* [What to do] Of all the lines in the entries below, give again exactly those starting at the line containing "Lemma card_exchange : #|S| <= #|S'|." and ending at the line containing "image of [N]. *)", both ends included, and no others.

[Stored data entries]

---------------

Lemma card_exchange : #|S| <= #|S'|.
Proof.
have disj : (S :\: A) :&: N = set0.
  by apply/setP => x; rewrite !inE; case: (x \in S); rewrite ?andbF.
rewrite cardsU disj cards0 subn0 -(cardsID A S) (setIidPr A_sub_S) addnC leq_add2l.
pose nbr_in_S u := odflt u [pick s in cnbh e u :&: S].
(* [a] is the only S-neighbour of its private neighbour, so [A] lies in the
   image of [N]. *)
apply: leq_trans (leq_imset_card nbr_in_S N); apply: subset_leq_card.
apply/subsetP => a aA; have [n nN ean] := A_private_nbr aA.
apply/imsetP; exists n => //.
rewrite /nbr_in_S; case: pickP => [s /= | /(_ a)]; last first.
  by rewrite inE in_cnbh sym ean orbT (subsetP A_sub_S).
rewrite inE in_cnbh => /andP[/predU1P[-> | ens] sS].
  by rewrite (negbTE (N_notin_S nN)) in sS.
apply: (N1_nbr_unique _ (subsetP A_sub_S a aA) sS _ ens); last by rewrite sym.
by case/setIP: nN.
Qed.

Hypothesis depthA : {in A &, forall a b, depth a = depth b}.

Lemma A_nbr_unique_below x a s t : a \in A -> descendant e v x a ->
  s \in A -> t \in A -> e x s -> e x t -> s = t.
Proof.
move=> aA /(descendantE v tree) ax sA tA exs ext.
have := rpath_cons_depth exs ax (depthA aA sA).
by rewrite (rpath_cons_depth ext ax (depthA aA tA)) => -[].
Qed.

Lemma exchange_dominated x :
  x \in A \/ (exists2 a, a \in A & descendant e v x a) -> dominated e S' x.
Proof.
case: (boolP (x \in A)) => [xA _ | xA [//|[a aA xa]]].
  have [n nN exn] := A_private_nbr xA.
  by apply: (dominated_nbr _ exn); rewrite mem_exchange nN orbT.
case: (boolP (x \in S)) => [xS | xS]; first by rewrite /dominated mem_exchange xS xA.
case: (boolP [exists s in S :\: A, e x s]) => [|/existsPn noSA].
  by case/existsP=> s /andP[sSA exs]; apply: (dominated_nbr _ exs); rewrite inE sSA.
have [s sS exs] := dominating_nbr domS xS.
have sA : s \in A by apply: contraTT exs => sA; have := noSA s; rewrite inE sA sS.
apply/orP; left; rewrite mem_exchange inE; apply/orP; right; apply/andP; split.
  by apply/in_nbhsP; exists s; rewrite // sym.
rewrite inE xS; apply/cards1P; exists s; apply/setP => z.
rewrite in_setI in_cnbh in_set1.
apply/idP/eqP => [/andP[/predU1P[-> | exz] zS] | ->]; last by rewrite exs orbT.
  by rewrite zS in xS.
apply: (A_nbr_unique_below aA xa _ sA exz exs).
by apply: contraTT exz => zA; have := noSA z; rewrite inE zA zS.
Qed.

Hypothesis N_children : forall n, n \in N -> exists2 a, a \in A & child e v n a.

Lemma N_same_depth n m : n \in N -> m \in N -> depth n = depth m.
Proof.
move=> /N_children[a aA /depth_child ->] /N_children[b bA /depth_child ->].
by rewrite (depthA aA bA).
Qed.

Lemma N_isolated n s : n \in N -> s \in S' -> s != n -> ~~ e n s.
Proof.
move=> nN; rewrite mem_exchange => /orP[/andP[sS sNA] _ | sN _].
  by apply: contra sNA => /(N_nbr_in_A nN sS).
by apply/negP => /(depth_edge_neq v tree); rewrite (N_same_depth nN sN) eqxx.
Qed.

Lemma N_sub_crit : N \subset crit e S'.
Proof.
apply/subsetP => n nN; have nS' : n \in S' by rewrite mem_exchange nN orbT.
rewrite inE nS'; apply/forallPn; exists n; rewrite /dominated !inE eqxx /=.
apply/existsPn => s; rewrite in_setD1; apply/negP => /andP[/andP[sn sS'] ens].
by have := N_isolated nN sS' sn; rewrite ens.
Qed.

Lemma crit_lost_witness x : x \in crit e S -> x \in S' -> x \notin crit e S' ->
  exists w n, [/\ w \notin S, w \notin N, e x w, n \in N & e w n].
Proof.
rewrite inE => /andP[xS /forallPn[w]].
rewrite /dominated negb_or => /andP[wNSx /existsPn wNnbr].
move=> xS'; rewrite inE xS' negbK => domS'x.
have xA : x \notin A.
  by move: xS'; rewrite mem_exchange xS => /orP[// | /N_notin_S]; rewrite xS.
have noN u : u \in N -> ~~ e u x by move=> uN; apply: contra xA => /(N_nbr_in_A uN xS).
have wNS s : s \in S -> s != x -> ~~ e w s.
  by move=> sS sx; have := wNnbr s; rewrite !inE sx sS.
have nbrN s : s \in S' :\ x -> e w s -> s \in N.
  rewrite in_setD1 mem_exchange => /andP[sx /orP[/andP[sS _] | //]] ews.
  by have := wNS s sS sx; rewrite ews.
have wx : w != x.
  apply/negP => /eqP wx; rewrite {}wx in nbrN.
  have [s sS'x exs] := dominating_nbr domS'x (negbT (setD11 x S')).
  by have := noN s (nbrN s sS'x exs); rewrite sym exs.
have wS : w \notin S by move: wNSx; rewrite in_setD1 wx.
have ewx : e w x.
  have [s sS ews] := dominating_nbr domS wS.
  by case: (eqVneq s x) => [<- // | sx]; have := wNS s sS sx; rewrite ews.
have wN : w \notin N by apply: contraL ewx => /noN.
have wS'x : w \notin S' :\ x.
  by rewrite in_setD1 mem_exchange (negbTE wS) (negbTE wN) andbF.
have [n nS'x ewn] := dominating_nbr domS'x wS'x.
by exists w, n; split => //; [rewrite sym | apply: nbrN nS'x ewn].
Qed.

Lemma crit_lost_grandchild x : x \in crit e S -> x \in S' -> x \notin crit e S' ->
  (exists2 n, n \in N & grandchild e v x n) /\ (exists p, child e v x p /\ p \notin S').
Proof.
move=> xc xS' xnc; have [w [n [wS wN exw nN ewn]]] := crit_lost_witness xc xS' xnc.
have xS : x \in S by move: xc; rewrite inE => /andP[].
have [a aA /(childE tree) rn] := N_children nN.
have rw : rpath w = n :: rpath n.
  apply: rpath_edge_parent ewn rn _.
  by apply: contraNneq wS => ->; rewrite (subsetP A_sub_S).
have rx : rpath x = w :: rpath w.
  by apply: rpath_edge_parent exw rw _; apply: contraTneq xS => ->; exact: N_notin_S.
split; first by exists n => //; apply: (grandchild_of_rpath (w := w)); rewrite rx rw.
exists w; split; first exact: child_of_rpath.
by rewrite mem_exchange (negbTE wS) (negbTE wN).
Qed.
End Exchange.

---------------

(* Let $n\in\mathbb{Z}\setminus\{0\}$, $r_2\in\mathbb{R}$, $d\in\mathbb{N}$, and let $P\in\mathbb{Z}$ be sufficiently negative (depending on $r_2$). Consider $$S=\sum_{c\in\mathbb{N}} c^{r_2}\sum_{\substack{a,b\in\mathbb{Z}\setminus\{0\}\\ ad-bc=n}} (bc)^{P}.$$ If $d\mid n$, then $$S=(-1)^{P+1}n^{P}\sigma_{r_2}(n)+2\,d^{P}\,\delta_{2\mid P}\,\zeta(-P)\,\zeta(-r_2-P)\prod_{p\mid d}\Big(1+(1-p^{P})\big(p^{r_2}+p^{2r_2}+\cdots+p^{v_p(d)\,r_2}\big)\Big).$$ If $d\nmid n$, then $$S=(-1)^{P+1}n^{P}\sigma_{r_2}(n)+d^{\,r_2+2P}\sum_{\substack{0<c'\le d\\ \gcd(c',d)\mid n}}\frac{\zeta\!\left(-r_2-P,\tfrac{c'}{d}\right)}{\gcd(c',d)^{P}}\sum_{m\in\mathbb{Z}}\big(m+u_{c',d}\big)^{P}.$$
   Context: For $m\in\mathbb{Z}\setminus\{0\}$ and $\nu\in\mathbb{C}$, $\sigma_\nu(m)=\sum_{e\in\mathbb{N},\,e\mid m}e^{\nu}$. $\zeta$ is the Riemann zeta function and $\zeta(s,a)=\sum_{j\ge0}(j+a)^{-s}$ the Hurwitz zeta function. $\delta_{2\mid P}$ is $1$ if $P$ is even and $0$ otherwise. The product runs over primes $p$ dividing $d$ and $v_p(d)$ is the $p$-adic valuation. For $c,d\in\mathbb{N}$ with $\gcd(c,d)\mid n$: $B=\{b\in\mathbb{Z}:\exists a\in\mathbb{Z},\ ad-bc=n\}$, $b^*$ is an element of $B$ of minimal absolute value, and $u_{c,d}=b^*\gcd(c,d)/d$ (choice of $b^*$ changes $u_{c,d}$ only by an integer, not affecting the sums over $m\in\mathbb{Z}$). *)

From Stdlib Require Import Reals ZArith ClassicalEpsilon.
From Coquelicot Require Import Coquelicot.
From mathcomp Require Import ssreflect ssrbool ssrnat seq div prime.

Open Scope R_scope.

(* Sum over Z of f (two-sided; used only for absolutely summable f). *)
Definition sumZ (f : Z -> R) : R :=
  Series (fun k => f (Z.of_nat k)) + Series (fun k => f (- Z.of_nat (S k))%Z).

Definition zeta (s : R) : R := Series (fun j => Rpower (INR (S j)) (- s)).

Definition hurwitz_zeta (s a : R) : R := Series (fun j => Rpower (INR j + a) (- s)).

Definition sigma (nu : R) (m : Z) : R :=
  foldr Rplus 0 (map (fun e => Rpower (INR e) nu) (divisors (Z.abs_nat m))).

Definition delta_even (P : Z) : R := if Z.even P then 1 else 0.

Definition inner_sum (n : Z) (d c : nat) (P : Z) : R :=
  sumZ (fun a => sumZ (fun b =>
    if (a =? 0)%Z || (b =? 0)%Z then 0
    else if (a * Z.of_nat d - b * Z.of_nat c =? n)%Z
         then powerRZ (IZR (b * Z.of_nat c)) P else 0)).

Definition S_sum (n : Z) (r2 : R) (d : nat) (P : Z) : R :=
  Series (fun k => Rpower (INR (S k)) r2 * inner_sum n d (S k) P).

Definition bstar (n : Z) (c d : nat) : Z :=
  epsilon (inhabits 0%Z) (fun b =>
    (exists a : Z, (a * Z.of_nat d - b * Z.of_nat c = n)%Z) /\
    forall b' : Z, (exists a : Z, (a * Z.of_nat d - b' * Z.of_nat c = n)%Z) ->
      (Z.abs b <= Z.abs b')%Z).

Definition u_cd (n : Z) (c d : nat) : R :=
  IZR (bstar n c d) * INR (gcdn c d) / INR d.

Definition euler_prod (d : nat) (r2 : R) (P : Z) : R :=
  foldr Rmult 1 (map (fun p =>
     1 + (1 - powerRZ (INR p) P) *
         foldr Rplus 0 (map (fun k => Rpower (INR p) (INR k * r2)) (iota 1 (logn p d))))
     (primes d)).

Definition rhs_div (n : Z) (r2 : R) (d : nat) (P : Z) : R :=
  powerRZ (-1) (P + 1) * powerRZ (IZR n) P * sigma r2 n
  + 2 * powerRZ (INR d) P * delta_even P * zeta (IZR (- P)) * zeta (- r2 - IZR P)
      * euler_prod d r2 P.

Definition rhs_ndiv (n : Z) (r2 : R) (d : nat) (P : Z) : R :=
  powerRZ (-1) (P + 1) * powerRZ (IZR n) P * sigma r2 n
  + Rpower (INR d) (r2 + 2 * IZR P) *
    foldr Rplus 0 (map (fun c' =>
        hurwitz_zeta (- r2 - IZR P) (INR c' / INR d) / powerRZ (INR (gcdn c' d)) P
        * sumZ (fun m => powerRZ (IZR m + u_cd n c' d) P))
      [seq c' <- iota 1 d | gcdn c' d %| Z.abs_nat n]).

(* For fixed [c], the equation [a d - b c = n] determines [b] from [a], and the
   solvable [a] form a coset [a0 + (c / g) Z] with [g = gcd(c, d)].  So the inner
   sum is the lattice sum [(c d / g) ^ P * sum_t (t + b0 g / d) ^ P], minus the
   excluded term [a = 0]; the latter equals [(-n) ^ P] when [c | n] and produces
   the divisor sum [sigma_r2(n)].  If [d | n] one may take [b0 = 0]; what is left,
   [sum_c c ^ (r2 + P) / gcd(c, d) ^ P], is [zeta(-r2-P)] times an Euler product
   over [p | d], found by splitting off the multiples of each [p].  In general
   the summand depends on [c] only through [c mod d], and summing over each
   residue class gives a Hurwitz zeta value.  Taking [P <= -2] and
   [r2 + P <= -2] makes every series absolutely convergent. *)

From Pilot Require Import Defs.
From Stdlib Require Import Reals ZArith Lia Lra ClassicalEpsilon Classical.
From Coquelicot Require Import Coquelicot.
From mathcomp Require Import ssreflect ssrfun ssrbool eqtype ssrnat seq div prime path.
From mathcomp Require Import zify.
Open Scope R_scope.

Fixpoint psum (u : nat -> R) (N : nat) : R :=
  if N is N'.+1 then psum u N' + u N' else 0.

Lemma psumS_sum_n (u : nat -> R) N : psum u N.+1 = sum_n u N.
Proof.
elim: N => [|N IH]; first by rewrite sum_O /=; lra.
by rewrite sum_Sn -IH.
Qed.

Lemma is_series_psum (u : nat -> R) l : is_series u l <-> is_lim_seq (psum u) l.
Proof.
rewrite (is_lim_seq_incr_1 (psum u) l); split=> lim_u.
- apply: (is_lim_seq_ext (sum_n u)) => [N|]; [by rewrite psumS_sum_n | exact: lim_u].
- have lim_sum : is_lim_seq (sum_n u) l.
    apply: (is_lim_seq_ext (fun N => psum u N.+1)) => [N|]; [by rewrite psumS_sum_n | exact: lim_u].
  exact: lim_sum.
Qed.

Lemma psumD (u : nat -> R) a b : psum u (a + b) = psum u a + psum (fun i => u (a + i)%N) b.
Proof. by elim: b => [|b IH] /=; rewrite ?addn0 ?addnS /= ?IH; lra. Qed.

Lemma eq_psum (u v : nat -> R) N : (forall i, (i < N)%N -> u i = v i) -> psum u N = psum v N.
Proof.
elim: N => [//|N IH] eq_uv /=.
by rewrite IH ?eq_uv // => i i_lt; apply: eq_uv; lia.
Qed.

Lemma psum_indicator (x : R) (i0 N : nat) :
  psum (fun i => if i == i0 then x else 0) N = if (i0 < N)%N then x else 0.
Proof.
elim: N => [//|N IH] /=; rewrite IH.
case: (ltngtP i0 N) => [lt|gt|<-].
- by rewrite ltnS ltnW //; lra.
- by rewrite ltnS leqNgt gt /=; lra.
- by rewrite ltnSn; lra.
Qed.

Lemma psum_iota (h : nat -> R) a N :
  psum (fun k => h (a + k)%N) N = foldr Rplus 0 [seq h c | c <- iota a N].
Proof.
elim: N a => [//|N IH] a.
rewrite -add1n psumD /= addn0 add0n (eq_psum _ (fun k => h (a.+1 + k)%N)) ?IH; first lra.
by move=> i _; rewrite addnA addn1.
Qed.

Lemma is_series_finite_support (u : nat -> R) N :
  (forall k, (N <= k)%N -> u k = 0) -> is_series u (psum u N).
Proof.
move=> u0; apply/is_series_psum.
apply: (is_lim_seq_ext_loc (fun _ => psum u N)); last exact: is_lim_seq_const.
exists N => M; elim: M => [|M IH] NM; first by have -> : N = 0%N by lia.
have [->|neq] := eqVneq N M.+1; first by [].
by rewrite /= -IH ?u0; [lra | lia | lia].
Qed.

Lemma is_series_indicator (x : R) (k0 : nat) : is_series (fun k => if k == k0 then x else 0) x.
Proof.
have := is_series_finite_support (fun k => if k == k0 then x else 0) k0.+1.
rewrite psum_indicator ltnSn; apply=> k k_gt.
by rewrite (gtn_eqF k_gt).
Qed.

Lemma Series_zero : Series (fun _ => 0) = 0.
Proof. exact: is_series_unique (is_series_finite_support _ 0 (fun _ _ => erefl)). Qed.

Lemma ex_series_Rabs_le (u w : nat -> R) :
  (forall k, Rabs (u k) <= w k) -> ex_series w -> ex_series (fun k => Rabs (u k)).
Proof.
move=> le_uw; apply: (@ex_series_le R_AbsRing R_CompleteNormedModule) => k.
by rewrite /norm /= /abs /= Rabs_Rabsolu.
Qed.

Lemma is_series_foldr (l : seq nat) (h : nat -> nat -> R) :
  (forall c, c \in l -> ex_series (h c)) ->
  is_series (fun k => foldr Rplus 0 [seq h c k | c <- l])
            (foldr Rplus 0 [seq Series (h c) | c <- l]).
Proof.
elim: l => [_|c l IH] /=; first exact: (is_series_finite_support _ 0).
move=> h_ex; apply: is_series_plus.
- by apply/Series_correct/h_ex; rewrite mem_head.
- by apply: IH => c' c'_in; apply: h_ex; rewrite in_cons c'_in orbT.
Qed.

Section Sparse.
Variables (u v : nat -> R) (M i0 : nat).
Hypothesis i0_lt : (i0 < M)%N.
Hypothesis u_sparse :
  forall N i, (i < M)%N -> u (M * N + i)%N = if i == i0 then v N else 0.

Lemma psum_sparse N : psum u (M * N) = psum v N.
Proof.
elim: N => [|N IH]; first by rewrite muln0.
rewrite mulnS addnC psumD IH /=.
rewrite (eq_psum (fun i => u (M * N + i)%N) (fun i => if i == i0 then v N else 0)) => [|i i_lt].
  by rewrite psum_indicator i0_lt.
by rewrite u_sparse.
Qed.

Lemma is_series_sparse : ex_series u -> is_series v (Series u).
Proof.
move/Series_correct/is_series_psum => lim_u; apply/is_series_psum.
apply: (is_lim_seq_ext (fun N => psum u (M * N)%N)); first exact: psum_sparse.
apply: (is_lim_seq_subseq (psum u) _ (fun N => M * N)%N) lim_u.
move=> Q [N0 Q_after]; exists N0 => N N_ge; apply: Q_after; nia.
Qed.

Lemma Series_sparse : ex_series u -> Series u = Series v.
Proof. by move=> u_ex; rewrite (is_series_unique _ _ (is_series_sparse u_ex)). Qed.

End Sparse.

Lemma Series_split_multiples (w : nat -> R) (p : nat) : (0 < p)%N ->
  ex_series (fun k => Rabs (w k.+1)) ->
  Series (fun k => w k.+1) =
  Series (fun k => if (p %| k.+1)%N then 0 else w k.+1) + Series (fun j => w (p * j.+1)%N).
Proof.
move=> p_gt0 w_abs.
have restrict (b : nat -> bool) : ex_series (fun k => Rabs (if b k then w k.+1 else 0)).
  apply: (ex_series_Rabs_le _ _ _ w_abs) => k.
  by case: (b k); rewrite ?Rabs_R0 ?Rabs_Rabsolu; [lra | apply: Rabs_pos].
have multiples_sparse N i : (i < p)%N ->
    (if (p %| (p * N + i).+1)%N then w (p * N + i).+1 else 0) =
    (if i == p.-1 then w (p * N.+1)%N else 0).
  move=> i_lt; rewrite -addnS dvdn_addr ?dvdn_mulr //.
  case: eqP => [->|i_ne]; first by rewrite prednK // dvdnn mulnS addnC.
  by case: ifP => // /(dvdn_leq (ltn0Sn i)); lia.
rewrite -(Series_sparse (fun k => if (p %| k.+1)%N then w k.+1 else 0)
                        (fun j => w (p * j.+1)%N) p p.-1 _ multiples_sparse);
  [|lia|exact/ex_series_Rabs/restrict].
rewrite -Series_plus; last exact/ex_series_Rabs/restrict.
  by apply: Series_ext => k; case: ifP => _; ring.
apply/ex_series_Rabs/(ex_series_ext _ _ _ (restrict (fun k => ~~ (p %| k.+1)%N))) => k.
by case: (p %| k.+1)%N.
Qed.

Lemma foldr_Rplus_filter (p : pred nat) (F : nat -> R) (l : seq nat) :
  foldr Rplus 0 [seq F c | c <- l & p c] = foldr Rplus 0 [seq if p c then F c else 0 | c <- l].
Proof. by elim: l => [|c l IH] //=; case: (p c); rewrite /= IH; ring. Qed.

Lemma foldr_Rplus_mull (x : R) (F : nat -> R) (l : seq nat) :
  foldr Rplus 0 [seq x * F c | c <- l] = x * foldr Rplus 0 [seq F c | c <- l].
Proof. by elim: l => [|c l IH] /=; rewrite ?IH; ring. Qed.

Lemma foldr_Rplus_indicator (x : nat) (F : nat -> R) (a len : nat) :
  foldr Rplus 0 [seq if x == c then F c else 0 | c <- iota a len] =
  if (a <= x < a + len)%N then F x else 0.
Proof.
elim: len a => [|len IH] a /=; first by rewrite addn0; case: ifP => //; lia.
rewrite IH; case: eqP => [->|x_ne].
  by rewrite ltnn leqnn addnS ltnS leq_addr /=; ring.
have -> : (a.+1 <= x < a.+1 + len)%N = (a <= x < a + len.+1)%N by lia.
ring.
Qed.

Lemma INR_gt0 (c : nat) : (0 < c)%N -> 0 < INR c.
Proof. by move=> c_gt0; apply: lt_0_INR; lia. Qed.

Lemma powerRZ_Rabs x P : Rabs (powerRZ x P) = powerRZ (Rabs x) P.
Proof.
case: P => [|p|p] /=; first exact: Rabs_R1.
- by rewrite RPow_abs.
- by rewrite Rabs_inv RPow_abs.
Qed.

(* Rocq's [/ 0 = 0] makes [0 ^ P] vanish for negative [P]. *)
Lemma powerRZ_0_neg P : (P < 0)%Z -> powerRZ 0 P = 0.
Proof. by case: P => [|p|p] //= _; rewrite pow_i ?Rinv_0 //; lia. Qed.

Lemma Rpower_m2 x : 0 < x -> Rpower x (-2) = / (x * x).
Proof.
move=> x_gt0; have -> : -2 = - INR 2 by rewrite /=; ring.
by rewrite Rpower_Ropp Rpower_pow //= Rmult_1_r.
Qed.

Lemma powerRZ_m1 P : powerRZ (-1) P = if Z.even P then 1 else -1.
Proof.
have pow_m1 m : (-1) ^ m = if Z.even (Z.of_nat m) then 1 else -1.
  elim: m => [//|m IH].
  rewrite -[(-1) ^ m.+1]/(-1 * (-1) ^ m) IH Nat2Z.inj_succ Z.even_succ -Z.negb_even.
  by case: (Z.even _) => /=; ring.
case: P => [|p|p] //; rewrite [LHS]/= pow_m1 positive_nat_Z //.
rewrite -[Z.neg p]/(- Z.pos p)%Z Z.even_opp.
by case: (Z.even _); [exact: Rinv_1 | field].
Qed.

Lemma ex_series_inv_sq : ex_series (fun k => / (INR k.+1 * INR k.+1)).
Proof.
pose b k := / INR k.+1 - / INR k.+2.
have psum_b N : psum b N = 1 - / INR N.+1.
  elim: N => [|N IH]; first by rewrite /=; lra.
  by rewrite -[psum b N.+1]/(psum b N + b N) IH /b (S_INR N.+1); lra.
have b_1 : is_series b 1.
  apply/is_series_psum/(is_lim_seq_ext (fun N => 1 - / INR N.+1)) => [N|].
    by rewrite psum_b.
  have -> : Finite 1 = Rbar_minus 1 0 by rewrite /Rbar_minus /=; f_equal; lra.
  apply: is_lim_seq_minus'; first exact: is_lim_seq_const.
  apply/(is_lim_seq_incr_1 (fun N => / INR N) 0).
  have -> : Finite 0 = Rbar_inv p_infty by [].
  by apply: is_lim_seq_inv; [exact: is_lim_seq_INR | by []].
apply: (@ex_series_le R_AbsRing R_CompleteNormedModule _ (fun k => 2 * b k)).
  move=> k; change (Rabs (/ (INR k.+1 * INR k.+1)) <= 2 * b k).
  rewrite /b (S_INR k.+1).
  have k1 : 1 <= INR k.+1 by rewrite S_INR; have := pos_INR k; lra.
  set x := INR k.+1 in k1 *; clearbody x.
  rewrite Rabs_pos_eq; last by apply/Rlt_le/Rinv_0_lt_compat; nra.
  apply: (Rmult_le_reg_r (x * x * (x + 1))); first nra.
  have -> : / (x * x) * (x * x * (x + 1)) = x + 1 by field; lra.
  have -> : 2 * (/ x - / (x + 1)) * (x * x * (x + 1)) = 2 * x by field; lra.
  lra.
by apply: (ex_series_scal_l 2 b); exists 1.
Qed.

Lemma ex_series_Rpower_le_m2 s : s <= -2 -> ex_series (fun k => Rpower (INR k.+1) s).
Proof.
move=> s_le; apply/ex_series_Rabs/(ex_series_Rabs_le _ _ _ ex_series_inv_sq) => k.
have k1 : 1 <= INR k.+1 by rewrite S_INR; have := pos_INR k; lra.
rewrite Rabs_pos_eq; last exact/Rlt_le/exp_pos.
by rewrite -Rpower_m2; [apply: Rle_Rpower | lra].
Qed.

---------------

* [Answer]
Lemma card_exchange : #|S| <= #|S'|.
Proof.
have disj : (S :\: A) :&: N = set0.
  by apply/setP => x; rewrite !inE; case: (x \in S); rewrite ?andbF.
rewrite cardsU disj cards0 subn0 -(cardsID A S) (setIidPr A_sub_S) addnC leq_add2l.
pose nbr_in_S u := odflt u [pick s in cnbh e u :&: S].
(* [a] is the only S-neighbour of its private neighbour, so [A] lies in the
   image of [N]. *)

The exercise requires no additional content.